• **Exercise aim**
Only one stretch of the data below is wanted: the lines starting at the one with "is_prob_family p ->" and ending at the one with "(* Let $\Omega^\delta$", both included, given again exactly.
** Material for the task follows **
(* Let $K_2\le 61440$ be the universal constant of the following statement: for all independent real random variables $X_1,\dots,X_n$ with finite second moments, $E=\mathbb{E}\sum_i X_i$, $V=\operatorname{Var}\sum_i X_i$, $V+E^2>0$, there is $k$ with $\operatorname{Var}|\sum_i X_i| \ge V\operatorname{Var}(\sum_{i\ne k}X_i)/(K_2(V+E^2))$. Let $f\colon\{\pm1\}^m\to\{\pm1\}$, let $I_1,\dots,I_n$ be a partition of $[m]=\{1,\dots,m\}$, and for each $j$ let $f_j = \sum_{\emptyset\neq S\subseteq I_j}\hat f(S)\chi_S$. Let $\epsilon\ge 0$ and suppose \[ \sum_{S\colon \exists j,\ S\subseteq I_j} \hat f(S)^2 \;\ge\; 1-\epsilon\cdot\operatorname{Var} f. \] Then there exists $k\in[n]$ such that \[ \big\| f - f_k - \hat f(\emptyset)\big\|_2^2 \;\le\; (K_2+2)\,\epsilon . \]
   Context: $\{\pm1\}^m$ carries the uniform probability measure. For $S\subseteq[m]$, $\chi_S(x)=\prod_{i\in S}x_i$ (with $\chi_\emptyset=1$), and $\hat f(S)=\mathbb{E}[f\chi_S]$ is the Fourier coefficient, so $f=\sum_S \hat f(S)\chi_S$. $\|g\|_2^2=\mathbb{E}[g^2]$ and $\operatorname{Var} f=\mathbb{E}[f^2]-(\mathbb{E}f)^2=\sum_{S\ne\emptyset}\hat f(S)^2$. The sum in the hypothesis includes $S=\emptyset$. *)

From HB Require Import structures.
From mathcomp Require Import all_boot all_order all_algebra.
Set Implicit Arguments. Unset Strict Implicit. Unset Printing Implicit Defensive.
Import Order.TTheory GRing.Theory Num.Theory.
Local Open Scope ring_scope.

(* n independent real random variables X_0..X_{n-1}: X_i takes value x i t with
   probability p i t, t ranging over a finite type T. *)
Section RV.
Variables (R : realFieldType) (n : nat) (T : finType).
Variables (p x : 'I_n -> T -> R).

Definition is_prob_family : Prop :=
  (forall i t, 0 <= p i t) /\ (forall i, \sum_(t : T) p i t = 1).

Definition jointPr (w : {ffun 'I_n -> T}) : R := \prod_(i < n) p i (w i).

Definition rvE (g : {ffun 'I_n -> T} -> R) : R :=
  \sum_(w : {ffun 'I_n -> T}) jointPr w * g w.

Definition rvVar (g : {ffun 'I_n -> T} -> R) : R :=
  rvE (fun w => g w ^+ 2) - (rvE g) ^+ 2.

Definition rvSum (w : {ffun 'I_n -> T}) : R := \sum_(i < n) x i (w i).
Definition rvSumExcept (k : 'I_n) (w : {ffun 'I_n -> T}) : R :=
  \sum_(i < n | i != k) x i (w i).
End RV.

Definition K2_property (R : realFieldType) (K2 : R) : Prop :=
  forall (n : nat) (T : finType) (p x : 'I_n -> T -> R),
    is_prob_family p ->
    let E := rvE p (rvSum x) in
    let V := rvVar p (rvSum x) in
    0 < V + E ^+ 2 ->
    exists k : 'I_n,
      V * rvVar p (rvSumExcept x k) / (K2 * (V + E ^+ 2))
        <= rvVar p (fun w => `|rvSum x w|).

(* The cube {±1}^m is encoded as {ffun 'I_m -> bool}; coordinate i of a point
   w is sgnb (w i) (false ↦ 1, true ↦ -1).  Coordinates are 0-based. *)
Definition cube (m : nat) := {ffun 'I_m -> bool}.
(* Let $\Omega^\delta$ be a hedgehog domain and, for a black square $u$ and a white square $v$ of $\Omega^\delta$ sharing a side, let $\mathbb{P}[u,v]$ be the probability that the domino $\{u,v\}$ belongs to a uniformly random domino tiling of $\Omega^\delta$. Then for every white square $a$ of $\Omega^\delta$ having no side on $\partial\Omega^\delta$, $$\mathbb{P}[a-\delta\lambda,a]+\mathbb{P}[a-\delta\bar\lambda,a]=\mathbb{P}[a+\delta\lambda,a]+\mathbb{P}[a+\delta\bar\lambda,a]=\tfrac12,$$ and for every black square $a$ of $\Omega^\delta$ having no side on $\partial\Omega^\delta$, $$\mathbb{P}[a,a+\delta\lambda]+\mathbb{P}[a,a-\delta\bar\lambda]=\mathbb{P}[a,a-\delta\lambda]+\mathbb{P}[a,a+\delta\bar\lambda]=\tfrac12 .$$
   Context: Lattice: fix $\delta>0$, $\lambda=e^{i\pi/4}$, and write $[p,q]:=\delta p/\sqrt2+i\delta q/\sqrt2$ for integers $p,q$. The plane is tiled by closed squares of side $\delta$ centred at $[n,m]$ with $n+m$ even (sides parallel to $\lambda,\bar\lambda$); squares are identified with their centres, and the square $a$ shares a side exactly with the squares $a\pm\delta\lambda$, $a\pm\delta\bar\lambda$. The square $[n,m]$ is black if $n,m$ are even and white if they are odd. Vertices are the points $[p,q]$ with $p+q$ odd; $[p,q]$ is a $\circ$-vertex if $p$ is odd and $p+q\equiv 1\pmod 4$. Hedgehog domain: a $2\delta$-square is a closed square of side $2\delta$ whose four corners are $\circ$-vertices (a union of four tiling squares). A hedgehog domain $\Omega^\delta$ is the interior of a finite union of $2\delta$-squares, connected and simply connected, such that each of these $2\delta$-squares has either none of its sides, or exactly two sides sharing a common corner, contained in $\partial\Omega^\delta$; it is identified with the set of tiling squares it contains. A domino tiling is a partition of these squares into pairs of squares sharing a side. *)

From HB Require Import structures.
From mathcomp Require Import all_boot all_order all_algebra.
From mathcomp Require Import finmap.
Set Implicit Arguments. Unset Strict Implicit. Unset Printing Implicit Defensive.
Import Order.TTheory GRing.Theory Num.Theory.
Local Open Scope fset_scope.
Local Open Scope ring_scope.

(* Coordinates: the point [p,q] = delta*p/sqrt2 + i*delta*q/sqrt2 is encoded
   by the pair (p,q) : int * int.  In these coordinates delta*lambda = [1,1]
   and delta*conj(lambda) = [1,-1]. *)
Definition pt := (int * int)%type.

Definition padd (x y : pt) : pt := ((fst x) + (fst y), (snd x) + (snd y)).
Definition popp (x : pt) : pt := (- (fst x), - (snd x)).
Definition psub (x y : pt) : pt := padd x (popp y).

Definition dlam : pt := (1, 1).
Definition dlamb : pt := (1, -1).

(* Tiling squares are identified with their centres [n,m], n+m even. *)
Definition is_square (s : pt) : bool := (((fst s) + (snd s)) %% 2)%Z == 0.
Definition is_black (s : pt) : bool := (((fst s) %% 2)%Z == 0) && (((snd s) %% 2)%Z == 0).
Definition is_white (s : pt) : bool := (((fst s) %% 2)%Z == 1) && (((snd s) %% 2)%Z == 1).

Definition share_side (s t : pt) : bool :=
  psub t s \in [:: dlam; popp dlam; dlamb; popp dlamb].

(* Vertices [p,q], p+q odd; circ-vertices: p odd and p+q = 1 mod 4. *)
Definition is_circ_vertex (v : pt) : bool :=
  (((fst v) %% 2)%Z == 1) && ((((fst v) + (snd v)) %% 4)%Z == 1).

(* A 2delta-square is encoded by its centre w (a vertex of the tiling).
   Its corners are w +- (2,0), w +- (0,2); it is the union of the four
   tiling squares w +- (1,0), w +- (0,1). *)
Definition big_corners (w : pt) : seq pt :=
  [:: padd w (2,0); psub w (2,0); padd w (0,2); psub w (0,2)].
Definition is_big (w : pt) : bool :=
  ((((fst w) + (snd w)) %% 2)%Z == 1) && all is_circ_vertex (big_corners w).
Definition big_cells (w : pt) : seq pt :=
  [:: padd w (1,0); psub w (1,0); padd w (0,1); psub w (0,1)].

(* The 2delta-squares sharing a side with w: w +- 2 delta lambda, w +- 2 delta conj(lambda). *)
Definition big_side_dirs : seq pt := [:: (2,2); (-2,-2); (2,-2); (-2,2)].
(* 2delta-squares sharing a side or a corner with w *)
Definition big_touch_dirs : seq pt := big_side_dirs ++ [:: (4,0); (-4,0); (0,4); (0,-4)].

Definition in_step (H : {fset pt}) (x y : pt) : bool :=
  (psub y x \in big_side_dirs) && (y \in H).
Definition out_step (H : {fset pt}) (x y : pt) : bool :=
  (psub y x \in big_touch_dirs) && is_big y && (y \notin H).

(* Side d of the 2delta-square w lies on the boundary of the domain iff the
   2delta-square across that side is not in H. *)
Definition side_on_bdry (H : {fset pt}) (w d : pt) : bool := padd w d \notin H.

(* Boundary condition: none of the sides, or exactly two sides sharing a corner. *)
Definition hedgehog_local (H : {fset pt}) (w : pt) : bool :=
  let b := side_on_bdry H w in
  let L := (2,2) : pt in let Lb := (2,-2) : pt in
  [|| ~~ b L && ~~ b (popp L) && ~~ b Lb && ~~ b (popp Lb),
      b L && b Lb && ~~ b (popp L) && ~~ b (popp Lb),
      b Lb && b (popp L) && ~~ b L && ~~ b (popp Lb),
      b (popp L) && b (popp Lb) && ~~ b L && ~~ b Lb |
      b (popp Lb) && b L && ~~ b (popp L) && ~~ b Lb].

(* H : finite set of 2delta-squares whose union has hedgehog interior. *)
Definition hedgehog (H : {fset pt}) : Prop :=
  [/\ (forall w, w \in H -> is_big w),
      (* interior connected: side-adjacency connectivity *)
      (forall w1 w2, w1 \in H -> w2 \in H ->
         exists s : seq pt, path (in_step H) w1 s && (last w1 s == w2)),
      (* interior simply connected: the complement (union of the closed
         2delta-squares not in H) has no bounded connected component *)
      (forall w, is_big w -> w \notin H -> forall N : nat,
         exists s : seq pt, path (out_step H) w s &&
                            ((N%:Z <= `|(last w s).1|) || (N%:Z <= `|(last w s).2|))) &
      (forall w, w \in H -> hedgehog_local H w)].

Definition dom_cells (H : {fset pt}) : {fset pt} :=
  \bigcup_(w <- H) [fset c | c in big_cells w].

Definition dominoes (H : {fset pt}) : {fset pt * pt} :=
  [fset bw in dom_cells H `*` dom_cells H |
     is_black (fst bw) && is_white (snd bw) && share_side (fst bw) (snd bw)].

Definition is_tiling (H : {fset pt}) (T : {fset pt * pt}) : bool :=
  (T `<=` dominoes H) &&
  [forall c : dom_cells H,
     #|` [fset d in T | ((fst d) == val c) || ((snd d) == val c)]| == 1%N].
** End of Material for the task **
** Material for the task follows **
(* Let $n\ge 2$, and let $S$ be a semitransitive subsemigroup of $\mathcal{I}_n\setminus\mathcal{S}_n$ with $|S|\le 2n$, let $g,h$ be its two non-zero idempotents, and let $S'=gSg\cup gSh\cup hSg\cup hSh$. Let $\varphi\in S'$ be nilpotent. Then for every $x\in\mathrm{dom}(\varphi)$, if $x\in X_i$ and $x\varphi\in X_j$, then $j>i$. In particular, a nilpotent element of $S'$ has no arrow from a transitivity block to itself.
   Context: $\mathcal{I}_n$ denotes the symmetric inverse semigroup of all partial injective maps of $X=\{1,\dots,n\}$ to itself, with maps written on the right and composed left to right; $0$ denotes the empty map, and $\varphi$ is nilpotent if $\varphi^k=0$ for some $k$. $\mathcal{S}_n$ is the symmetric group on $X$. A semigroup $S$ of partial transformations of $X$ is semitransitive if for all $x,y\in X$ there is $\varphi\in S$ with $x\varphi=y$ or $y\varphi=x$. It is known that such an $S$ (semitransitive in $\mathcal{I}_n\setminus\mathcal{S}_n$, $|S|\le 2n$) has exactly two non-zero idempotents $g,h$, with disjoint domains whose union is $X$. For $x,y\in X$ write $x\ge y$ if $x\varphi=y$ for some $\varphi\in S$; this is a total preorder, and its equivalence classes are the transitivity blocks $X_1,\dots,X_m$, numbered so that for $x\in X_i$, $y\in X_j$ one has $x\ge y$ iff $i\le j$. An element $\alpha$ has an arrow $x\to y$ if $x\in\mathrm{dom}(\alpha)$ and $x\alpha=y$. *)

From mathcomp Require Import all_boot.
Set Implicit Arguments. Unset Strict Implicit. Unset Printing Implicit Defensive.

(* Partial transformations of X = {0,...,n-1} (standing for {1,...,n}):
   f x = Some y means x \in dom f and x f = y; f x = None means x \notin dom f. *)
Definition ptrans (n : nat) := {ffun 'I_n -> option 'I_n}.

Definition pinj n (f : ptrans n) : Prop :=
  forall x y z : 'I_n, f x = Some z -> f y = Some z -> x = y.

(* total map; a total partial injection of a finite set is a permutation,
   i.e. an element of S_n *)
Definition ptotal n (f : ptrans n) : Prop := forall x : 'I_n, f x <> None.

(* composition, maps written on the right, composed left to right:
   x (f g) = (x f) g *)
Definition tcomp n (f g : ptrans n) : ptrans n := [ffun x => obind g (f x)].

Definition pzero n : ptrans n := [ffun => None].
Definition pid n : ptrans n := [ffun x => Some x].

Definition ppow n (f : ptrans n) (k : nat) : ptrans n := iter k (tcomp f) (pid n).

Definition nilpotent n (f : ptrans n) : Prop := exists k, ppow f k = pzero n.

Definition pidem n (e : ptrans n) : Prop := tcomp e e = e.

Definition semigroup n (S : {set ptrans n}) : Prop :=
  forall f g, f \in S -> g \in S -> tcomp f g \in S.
** End of Material for the task **
** Material for the task follows **
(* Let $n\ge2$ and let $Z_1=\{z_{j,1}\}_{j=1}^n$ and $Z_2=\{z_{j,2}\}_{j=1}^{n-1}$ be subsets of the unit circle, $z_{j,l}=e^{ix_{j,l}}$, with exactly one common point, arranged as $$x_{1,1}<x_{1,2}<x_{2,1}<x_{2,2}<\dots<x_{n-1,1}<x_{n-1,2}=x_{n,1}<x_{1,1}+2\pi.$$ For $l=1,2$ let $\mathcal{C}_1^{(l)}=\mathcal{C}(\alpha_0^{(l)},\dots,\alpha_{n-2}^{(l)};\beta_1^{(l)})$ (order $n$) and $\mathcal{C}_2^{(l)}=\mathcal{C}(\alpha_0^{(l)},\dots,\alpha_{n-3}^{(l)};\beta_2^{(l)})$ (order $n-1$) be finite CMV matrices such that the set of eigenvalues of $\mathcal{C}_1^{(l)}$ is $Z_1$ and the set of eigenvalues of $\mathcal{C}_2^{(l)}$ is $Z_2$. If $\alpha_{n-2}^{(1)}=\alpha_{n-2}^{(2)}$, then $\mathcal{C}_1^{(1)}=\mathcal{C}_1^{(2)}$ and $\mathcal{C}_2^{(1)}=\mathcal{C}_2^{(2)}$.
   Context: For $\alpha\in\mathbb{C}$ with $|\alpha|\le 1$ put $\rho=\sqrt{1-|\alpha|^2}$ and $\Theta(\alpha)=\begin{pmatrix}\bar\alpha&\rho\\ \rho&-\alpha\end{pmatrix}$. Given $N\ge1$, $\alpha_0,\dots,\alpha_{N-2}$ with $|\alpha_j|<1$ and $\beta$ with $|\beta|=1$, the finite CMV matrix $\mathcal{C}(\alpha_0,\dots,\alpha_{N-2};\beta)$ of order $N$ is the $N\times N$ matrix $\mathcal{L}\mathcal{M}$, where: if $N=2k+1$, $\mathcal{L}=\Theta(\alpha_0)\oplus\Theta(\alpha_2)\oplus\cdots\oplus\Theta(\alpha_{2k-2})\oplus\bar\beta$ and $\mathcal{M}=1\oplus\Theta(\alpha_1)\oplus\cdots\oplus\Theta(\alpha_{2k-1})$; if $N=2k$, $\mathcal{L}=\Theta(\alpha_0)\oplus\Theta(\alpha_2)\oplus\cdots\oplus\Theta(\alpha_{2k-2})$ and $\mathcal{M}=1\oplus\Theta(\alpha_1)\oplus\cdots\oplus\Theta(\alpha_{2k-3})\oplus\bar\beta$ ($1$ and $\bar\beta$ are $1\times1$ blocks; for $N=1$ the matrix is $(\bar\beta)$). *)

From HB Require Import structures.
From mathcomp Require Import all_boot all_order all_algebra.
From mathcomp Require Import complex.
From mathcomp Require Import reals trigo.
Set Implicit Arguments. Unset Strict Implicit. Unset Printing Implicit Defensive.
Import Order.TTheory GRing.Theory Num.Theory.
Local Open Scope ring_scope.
** End of Material for the task **
• **Result below**
    is_prob_family p ->
    let E := rvE p (rvSum x) in
    let V := rvVar p (rvSum x) in
    0 < V + E ^+ 2 ->
    exists k : 'I_n,
      V * rvVar p (rvSumExcept x k) / (K2 * (V + E ^+ 2))
        <= rvVar p (fun w => `|rvSum x w|).

(* The cube {±1}^m is encoded as {ffun 'I_m -> bool}; coordinate i of a point
   w is sgnb (w i) (false ↦ 1, true ↦ -1).  Coordinates are 0-based. *)
Definition cube (m : nat) := {ffun 'I_m -> bool}.
(* Let $\Omega^\delta$ be a hedgehog domain and, for a black square $u$ and a white square $v$ of $\Omega^\delta$ sharing a side, let $\mathbb{P}[u,v]$ be the probability that the domino $\{u,v\}$ belongs to a uniformly random domino tiling of $\Omega^\delta$. Then for every white square $a$ of $\Omega^\delta$ having no side on $\partial\Omega^\delta$, $$\mathbb{P}[a-\delta\lambda,a]+\mathbb{P}[a-\delta\bar\lambda,a]=\mathbb{P}[a+\delta\lambda,a]+\mathbb{P}[a+\delta\bar\lambda,a]=\tfrac12,$$ and for every black square $a$ of $\Omega^\delta$ having no side on $\partial\Omega^\delta$, $$\mathbb{P}[a,a+\delta\lambda]+\mathbb{P}[a,a-\delta\bar\lambda]=\mathbb{P}[a,a-\delta\lambda]+\mathbb{P}[a,a+\delta\bar\lambda]=\tfrac12 .$$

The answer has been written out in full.